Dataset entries
────────────────────

(* Let $t\in[0,1]$, $x\in(0,1]$, and $y$ with $1-e^{-t}\le y<1$. Then \[ (1-yx)\,\frac{\log\big(1-x+x\,\frac{e^{-2xt}}{1-yx}\big)}{x\big(1-\frac{e^{-2xt}}{1-yx}\big)}\ \le\ (1-y)\,\frac{\log\big(\frac{e^{-2t}}{1-y}\big)}{1-\frac{e^{-2t}}{1-y}}, \] with equality at $x=1$. Expressions of the form $\log(1-x+xQ)/(1-Q)$ are understood at $Q=1$ as their limit $-x$. *)

From Stdlib Require Import Reals.
Open Scope R_scope.

Definition G (x Q : R) : R :=
  if Req_EM_T Q 1 then - x else ln (1 - x + x * Q) / (1 - Q).

Definition lhs (t x y : R) : R :=
  (1 - y * x) * (G x (exp (-2 * x * t) / (1 - y * x)) / x).

(* Right-hand side: (1 - y) * log(Q) / (1 - Q), Q = e^{-2t}/(1-y);
   this is the form log(1 - 1 + 1*Q)/(1 - Q), i.e. G 1 Q. *)
Definition rhs (t y : R) : R :=
  (1 - y) * G 1 (exp (-2 * t) / (1 - y)).

From Stdlib Require Import Reals Lra Psatz.
From Coquelicot Require Import Coquelicot.
Open Scope R_scope.

(* Writing [exprel z = (e^z - 1)/z], one has [G x Q / x = -1 / exprel (ln (1 - x + x Q))],
   so with [a = 1 - y x], [c = 1 - y], [p = 1 - x + x e^(-2xt)/a] and [q = e^(-2t)/c] the
   inequality reads [c exprel (ln p) <= a exprel (ln q)].  As [m exprel (ln p)] is the
   logarithmic mean of [m p] and [m], which increases in both arguments, this holds when
   [c p <= a q].  Otherwise [p q <= 1], and [exprel z = e^(z/2) sinh(z/2)/(z/2)] with
   [sinh s / s] even and increasing in [|s|] shows that [c^2 p <= a^2 q] suffices.  These
   are polynomial inequalities in [x], [c] and [u = e^(-t)], given [e^(-xt) <= 1 - x + x u]
   (convexity) and [c <= u] (the hypothesis on [y]). *)

Lemma exp_le_exp x y : x <= y -> exp x <= exp y.
Proof.
intros Hxy; destruct (Rle_lt_or_eq_dec _ _ Hxy) as [Hlt | ->]; [|lra].
left; exact (exp_increasing _ _ Hlt).
Qed.

Lemma exp_scale_le l z : 0 <= l <= 1 -> exp (l * z) <= 1 - l + l * exp z.
Proof.
intros Hl.
assert (Ez : exp z = exp (l * z) * exp (z - l * z)) by (rewrite <- exp_plus; f_equal; ring).
assert (E0 : 1 = exp (l * z) * exp (- (l * z))) by (rewrite <- exp_plus, <- exp_0; f_equal; ring).
pose proof (exp_ineq1_le (z - l * z)); pose proof (exp_ineq1_le (- (l * z))).
pose proof (exp_pos (l * z)).
(* the tangent line at [l z] lies below [exp] at both [0] and [z] *)
assert (exp (l * z) * (1 + (z - l * z)) <= exp z) by (rewrite Ez; apply Rmult_le_compat_l; lra).
assert (exp (l * z) * (1 - l * z) <= 1) by (rewrite E0 at 2; apply Rmult_le_compat_l; lra).
nra.
Qed.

────────────────────

▸ Exercise objective: Output nothing but the lines from the one containing "Lemma exp_le_exp x" through the last line of the data, exactly as they stand.

▸ Answer:
Lemma exp_le_exp x y : x <= y -> exp x <= exp y.
Proof.
intros Hxy; destruct (Rle_lt_or_eq_dec _ _ Hxy) as [Hlt | ->]; [|lra].
left; exact (exp_increasing _ _ Hlt).
Qed.

Lemma exp_scale_le l z : 0 <= l <= 1 -> exp (l * z) <= 1 - l + l * exp z.
Proof.
intros Hl.
assert (Ez : exp z = exp (l * z) * exp (z - l * z)) by (rewrite <- exp_plus; f_equal; ring).
assert (E0 : 1 = exp (l * z) * exp (- (l * z))) by (rewrite <- exp_plus, <- exp_0; f_equal; ring).
pose proof (exp_ineq1_le (z - l * z)); pose proof (exp_ineq1_le (- (l * z))).
pose proof (exp_pos (l * z)).
(* the tangent line at [l z] lies below [exp] at both [0] and [z] *)
assert (exp (l * z) * (1 + (z - l * z)) <= exp z) by (rewrite Ez; apply Rmult_le_compat_l; lra).
assert (exp (l * z) * (1 - l * z) <= 1) by (rewrite E0 at 2; apply Rmult_le_compat_l; lra).
nra.
Qed.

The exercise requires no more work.